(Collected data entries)

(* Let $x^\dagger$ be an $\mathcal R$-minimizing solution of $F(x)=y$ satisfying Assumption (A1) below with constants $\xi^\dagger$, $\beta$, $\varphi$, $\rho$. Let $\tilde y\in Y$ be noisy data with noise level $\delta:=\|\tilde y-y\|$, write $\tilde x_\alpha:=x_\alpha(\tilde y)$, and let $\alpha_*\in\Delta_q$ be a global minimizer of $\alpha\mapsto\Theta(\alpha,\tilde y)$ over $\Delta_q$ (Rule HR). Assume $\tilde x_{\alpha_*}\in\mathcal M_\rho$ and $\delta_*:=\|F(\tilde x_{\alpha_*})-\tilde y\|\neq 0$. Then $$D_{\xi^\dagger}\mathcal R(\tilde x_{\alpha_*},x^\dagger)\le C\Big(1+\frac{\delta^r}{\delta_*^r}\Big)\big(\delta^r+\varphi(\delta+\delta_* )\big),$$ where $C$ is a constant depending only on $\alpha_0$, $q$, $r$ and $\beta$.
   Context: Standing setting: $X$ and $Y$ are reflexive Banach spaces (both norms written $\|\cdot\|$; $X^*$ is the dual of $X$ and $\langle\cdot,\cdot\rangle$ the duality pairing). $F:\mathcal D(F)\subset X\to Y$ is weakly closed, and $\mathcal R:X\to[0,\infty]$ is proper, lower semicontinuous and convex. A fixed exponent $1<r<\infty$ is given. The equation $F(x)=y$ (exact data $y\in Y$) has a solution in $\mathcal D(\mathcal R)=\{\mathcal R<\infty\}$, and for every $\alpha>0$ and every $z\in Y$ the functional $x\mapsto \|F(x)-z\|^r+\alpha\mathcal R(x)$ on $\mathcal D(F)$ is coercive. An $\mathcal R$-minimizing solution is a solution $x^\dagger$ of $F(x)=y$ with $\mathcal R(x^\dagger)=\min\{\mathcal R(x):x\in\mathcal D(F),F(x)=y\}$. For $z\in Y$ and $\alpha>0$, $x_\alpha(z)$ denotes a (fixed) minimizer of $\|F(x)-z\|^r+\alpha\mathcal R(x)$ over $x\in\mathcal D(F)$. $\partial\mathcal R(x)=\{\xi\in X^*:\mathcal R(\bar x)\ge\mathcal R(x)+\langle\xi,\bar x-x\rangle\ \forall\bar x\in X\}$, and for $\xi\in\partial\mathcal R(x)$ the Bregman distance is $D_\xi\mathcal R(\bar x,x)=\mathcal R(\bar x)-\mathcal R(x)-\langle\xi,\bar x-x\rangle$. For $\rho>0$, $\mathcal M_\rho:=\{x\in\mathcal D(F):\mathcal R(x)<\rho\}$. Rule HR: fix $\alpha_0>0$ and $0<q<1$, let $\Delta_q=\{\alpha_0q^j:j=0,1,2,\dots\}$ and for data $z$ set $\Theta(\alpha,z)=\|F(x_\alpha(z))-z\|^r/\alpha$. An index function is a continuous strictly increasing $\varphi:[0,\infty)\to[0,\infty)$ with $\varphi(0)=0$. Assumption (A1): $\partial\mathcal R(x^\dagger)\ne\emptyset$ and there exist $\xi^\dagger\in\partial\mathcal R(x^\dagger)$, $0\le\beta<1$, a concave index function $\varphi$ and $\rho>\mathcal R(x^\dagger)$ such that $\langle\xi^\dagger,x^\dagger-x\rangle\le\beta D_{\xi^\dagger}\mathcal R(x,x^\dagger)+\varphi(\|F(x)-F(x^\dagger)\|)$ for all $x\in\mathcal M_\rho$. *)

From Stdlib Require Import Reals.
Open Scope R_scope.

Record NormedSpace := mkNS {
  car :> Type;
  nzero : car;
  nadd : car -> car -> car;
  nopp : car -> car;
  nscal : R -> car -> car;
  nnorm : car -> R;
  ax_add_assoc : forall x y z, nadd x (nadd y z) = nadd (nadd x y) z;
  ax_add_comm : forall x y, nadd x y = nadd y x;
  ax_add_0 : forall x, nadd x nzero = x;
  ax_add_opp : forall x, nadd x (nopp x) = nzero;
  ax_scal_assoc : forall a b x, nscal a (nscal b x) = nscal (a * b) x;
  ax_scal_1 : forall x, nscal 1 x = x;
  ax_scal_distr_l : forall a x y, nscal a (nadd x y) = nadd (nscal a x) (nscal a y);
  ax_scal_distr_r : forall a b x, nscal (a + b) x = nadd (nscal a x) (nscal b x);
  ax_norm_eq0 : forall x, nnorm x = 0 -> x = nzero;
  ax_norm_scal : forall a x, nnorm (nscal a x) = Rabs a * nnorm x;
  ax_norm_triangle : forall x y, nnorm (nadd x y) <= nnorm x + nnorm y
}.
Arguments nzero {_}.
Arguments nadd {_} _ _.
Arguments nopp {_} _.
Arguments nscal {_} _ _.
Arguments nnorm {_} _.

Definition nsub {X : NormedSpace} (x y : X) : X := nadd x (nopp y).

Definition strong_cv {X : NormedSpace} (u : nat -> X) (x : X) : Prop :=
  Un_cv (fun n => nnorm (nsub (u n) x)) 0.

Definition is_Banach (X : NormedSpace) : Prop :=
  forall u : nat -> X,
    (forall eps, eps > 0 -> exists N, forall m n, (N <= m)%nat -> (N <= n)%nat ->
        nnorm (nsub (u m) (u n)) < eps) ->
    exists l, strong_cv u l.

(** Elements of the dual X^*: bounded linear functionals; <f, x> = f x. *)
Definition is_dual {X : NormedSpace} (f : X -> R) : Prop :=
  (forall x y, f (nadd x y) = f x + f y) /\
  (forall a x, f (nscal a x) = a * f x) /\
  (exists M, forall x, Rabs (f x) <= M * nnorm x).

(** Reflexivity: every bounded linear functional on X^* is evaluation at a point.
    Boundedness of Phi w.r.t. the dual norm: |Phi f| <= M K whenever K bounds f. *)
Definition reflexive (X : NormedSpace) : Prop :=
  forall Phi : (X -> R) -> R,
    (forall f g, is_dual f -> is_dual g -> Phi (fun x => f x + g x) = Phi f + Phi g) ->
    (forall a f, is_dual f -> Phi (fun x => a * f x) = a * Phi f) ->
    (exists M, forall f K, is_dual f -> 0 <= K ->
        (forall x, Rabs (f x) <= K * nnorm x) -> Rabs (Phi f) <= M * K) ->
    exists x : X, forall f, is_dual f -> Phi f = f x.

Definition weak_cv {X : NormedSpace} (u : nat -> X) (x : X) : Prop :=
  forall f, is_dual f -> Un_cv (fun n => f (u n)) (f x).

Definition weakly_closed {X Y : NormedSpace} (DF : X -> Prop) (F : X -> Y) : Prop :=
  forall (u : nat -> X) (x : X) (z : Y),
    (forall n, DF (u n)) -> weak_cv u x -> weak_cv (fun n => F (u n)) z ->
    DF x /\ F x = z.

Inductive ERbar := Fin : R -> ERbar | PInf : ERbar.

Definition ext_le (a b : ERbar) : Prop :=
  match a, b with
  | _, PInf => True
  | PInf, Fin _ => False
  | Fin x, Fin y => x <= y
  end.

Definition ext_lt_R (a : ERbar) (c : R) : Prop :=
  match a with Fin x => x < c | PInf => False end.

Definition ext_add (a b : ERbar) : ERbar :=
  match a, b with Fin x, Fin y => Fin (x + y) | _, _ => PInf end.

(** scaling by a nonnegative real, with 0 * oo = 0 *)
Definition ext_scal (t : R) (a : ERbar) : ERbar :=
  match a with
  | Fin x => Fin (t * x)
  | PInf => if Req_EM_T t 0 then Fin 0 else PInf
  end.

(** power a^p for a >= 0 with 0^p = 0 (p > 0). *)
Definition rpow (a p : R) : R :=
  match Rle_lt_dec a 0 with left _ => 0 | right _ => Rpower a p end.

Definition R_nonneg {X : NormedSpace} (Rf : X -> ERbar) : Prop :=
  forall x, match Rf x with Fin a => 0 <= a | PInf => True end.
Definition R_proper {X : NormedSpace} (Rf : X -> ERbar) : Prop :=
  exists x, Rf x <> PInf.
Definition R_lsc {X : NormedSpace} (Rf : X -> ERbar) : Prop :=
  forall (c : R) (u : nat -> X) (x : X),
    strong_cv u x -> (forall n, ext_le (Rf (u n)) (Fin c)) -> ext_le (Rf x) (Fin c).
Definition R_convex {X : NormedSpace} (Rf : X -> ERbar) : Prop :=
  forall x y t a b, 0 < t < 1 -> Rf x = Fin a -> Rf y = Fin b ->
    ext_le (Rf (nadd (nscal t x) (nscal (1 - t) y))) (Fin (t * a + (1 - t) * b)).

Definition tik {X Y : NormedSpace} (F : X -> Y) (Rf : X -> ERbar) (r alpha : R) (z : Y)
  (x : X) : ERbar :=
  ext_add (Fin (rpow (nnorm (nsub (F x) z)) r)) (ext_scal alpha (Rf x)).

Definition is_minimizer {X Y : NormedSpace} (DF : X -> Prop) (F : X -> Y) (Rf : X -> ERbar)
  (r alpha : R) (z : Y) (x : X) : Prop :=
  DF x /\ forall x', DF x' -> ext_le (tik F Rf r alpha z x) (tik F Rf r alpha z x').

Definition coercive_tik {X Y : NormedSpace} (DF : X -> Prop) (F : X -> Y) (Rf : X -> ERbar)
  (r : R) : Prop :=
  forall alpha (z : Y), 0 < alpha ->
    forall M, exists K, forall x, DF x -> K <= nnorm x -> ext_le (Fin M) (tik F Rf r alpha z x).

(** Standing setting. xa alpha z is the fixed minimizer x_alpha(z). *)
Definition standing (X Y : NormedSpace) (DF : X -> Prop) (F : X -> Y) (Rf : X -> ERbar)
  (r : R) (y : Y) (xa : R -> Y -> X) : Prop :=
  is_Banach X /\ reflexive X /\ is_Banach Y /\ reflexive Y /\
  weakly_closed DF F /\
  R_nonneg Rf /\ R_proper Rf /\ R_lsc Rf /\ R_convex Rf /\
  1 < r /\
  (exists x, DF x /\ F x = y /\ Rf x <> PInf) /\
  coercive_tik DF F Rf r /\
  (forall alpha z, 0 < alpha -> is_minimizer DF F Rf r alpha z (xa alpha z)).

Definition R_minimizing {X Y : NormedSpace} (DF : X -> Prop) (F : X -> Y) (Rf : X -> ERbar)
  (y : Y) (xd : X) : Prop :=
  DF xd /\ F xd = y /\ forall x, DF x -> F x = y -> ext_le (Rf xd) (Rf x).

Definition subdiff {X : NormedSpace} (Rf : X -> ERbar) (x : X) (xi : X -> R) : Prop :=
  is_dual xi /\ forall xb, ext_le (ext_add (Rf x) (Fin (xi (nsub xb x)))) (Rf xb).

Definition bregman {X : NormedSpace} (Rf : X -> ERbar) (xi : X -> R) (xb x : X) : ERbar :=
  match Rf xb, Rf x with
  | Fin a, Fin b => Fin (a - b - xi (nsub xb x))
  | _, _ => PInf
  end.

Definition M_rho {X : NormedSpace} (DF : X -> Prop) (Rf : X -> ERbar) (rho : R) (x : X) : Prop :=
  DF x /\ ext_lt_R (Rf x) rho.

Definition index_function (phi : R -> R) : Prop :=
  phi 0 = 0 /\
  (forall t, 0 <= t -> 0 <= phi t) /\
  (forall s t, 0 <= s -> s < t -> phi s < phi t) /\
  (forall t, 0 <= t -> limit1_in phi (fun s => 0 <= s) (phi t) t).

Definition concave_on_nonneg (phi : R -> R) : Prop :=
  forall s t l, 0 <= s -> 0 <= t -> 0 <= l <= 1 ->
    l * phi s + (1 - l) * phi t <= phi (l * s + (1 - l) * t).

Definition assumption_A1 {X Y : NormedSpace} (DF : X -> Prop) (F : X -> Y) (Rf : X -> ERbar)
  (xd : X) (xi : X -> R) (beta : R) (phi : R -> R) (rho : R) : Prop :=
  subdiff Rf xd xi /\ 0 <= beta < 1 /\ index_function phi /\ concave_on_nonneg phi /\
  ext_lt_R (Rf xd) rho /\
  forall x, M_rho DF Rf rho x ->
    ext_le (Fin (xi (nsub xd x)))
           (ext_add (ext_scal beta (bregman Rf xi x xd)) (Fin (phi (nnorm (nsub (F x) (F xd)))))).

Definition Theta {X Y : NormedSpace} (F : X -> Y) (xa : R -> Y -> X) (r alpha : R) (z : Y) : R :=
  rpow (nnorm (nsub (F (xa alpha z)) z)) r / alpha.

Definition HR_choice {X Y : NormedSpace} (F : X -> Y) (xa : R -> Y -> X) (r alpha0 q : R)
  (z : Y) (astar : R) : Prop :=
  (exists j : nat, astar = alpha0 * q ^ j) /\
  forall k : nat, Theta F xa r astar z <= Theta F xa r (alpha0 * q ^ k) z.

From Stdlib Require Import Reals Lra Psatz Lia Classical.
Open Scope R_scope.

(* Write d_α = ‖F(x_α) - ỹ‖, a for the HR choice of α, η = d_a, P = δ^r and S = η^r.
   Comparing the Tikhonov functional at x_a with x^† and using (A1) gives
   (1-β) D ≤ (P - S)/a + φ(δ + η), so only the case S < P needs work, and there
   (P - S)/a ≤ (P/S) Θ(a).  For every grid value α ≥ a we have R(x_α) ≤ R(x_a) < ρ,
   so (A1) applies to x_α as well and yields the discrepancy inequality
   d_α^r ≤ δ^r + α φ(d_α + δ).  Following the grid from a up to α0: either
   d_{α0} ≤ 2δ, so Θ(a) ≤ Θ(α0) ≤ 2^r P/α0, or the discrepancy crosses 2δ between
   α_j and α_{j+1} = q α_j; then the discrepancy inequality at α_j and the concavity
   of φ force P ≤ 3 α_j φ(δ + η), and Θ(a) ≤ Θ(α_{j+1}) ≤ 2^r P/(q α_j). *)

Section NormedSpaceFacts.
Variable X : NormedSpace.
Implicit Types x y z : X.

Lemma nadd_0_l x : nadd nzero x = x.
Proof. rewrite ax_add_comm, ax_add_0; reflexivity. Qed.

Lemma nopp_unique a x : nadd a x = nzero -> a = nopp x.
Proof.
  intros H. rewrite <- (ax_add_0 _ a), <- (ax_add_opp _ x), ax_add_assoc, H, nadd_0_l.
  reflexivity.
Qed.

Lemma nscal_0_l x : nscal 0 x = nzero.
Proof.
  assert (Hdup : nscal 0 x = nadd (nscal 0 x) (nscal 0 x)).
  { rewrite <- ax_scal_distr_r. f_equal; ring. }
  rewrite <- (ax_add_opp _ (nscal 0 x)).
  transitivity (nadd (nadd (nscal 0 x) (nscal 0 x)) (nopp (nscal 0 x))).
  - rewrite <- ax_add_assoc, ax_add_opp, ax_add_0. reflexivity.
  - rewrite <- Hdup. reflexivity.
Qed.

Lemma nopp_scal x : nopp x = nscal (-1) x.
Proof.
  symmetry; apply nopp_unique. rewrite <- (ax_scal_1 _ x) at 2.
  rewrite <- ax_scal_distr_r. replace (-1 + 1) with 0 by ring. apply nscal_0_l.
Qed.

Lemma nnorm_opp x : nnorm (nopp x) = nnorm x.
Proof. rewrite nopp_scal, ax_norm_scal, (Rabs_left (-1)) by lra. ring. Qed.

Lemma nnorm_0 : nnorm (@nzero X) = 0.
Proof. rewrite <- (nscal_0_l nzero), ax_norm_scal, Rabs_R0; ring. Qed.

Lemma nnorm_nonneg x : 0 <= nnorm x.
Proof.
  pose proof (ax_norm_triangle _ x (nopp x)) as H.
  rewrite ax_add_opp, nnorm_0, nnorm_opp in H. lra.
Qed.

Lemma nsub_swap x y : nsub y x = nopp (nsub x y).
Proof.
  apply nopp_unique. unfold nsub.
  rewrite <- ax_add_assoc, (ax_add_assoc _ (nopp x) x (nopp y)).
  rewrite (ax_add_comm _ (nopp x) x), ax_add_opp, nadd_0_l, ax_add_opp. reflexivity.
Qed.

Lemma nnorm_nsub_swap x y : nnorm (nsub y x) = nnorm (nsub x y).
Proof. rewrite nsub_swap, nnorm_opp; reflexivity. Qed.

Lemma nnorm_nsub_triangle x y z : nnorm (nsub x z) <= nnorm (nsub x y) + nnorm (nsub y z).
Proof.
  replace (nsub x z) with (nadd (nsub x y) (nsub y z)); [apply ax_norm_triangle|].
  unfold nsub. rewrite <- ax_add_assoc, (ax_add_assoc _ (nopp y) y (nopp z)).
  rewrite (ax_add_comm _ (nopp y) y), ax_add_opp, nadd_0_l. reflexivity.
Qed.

- _What you need to do_: Within the data above, the lines from the one with "(forall s t, 0" to the one with "rpow (nnorm (nsub (F (xa" must be repeated exactly; no other line belongs in the answer.

- _Task solution_:
  (forall s t, 0 <= s -> s < t -> phi s < phi t) /\
  (forall t, 0 <= t -> limit1_in phi (fun s => 0 <= s) (phi t) t).

Definition concave_on_nonneg (phi : R -> R) : Prop :=
  forall s t l, 0 <= s -> 0 <= t -> 0 <= l <= 1 ->
    l * phi s + (1 - l) * phi t <= phi (l * s + (1 - l) * t).

Definition assumption_A1 {X Y : NormedSpace} (DF : X -> Prop) (F : X -> Y) (Rf : X -> ERbar)
  (xd : X) (xi : X -> R) (beta : R) (phi : R -> R) (rho : R) : Prop :=
  subdiff Rf xd xi /\ 0 <= beta < 1 /\ index_function phi /\ concave_on_nonneg phi /\
  ext_lt_R (Rf xd) rho /\
  forall x, M_rho DF Rf rho x ->
    ext_le (Fin (xi (nsub xd x)))
           (ext_add (ext_scal beta (bregman Rf xi x xd)) (Fin (phi (nnorm (nsub (F x) (F xd)))))).

Definition Theta {X Y : NormedSpace} (F : X -> Y) (xa : R -> Y -> X) (r alpha : R) (z : Y) : R :=
  rpow (nnorm (nsub (F (xa alpha z)) z)) r / alpha.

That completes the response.